(Exercise data begins)

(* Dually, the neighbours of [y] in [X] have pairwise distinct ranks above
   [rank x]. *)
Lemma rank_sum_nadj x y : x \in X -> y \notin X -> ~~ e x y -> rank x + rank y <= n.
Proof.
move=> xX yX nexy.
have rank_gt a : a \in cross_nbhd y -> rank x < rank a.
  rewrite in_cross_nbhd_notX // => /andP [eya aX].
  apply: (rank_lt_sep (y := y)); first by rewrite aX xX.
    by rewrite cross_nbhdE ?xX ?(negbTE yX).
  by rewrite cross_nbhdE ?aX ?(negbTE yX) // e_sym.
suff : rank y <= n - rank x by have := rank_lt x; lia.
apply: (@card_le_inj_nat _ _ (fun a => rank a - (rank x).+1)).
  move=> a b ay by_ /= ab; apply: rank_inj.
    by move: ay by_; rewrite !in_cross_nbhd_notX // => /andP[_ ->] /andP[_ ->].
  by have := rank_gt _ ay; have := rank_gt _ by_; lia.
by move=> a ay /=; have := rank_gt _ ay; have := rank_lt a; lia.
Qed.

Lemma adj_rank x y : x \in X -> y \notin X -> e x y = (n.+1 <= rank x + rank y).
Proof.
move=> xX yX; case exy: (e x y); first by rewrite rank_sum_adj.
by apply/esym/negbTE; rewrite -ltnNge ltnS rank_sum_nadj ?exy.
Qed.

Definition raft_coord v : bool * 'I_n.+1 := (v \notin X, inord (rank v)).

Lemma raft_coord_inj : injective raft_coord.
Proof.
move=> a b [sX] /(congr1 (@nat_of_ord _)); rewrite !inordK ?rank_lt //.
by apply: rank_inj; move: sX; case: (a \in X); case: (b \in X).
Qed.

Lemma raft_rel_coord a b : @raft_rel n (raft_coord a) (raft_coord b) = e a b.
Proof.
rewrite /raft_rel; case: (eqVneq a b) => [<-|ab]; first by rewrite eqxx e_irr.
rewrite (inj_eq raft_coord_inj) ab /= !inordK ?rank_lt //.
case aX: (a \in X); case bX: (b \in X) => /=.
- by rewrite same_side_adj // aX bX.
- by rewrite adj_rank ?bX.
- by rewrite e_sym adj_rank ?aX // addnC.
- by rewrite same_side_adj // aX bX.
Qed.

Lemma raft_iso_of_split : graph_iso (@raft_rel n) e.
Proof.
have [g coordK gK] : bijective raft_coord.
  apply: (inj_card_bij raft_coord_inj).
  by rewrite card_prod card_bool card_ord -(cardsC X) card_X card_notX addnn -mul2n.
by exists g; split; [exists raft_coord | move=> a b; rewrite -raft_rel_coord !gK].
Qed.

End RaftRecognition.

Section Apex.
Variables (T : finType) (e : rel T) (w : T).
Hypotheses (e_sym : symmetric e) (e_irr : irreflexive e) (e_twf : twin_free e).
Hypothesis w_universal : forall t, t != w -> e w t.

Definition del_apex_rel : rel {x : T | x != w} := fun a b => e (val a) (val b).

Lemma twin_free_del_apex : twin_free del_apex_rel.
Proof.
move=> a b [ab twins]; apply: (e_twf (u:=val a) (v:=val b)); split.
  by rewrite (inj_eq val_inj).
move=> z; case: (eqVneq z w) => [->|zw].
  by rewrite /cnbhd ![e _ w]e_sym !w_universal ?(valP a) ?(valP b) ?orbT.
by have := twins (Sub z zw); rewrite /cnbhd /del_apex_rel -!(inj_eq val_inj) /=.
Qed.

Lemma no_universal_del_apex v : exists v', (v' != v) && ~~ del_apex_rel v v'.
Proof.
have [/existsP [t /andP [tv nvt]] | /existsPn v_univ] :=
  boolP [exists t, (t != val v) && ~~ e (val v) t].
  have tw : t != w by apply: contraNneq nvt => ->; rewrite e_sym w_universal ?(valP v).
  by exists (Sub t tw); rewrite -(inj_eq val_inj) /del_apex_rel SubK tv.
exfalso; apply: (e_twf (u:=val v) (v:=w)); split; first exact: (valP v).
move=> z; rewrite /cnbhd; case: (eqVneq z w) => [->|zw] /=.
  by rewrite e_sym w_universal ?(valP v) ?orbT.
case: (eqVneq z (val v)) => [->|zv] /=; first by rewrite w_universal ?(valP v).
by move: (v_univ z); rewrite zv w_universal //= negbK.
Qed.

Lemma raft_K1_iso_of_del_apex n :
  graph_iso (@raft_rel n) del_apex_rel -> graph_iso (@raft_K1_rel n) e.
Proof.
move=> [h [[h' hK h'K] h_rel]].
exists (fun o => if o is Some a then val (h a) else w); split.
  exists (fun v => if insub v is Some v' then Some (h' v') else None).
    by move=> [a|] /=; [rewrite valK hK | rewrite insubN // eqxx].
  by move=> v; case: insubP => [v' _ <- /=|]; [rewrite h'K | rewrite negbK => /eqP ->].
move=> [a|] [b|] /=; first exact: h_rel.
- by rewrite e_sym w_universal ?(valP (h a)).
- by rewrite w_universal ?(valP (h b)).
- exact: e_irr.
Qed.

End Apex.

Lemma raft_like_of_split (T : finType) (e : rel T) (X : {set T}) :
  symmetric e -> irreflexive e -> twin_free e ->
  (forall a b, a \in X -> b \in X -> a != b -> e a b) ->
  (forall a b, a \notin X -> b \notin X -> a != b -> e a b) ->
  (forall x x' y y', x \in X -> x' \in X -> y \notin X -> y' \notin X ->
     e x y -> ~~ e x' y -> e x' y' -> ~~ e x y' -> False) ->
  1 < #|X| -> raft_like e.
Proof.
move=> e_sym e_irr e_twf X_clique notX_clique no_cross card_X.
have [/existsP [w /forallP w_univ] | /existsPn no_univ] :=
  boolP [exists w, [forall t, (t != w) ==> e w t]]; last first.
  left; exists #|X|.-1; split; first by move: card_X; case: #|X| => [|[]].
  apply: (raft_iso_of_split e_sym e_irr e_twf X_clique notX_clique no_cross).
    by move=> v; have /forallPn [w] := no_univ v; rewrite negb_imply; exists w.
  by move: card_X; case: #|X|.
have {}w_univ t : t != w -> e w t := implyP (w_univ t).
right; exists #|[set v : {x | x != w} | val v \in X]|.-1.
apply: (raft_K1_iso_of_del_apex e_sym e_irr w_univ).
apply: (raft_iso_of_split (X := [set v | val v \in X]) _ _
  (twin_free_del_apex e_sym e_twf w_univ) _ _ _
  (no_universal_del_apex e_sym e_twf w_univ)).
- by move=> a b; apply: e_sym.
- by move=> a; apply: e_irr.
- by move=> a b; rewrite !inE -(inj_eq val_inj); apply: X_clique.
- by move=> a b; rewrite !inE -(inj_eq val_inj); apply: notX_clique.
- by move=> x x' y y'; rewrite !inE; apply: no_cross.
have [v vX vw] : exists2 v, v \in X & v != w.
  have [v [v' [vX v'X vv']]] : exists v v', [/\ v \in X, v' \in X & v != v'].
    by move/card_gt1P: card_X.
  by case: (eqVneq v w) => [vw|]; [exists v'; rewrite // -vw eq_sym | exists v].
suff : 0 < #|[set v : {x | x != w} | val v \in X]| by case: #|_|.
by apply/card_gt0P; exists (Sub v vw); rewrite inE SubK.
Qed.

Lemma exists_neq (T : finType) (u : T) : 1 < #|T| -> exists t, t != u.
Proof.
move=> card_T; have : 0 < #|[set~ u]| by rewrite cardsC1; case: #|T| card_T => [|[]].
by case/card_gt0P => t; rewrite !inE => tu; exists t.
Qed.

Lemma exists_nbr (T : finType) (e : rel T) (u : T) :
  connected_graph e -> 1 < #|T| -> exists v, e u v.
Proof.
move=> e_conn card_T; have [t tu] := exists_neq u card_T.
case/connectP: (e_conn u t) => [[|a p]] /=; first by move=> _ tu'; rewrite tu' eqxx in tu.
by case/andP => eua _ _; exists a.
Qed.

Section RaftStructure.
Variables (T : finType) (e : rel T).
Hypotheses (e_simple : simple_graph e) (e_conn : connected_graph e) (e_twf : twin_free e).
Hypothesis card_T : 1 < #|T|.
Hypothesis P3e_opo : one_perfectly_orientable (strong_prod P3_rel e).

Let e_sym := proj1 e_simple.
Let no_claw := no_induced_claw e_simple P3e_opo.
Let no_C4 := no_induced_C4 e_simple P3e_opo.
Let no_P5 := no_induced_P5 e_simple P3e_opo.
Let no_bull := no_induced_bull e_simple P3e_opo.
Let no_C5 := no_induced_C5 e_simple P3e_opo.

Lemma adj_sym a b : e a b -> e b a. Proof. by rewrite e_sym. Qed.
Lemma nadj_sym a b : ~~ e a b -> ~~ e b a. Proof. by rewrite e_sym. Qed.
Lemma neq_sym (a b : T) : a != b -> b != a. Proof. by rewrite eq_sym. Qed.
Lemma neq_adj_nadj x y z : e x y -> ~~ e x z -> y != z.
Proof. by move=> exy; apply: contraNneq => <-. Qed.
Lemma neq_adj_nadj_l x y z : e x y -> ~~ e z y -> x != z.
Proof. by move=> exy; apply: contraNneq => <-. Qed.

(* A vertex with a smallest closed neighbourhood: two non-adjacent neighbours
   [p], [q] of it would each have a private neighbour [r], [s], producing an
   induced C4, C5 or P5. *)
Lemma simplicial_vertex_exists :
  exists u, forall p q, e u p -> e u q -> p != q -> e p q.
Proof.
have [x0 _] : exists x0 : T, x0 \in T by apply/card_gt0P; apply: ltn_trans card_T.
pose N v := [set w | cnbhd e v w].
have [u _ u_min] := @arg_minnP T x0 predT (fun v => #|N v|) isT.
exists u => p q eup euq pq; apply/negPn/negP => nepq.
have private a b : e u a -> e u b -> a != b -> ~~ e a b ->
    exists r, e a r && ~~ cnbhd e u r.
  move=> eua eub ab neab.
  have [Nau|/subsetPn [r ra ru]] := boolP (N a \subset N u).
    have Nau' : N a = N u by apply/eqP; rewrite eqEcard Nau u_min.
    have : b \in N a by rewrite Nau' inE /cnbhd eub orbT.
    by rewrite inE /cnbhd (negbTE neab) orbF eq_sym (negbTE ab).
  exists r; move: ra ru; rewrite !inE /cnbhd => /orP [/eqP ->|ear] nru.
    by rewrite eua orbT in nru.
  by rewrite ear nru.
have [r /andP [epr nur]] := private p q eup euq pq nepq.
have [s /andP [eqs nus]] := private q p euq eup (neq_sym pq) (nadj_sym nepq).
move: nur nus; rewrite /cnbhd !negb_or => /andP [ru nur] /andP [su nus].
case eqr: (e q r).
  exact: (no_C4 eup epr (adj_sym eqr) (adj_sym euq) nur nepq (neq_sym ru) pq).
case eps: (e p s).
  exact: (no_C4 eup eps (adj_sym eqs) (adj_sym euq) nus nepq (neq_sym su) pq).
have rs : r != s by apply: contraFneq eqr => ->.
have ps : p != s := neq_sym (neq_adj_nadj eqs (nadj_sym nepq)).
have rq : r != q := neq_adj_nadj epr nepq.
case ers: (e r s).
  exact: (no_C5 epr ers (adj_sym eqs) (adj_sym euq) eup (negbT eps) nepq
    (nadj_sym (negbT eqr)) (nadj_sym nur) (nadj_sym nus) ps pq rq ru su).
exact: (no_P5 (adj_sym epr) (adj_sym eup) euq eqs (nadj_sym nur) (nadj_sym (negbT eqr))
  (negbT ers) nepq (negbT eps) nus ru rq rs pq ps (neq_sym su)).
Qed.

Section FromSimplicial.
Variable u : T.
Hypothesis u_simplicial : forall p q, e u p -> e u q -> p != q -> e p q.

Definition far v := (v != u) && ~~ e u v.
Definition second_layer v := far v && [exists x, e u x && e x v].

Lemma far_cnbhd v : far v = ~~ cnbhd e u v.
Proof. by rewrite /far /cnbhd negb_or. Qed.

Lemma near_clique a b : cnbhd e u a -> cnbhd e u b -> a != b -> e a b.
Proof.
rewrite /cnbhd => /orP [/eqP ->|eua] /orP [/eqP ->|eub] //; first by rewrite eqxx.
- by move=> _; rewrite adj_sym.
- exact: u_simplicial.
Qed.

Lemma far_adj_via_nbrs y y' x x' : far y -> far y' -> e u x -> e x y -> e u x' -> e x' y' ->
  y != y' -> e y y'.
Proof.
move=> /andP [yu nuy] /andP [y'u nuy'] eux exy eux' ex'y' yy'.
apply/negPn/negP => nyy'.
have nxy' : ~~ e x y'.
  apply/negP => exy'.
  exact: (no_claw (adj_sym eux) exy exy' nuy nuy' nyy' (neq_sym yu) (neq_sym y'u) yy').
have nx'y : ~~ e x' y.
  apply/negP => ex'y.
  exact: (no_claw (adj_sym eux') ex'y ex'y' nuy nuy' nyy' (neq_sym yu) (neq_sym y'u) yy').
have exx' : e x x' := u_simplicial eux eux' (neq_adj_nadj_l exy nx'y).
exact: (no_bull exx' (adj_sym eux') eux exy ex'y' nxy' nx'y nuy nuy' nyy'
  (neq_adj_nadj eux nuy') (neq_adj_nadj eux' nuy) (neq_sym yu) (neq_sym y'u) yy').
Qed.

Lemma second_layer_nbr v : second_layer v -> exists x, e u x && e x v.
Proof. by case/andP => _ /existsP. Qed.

(Exercise data ends)

What to work on -> The lines to copy run from the first line of the entries to the line containing "move=> xX yX;"; copy them exactly and output nothing else.

Reply to the task ->
(* Dually, the neighbours of [y] in [X] have pairwise distinct ranks above
   [rank x]. *)
Lemma rank_sum_nadj x y : x \in X -> y \notin X -> ~~ e x y -> rank x + rank y <= n.
Proof.
move=> xX yX nexy.
have rank_gt a : a \in cross_nbhd y -> rank x < rank a.
  rewrite in_cross_nbhd_notX // => /andP [eya aX].
  apply: (rank_lt_sep (y := y)); first by rewrite aX xX.
    by rewrite cross_nbhdE ?xX ?(negbTE yX).
  by rewrite cross_nbhdE ?aX ?(negbTE yX) // e_sym.
suff : rank y <= n - rank x by have := rank_lt x; lia.
apply: (@card_le_inj_nat _ _ (fun a => rank a - (rank x).+1)).
  move=> a b ay by_ /= ab; apply: rank_inj.
    by move: ay by_; rewrite !in_cross_nbhd_notX // => /andP[_ ->] /andP[_ ->].
  by have := rank_gt _ ay; have := rank_gt _ by_; lia.
by move=> a ay /=; have := rank_gt _ ay; have := rank_lt a; lia.
Qed.

Lemma adj_rank x y : x \in X -> y \notin X -> e x y = (n.+1 <= rank x + rank y).
Proof.
move=> xX yX; case exy: (e x y); first by rewrite rank_sum_adj.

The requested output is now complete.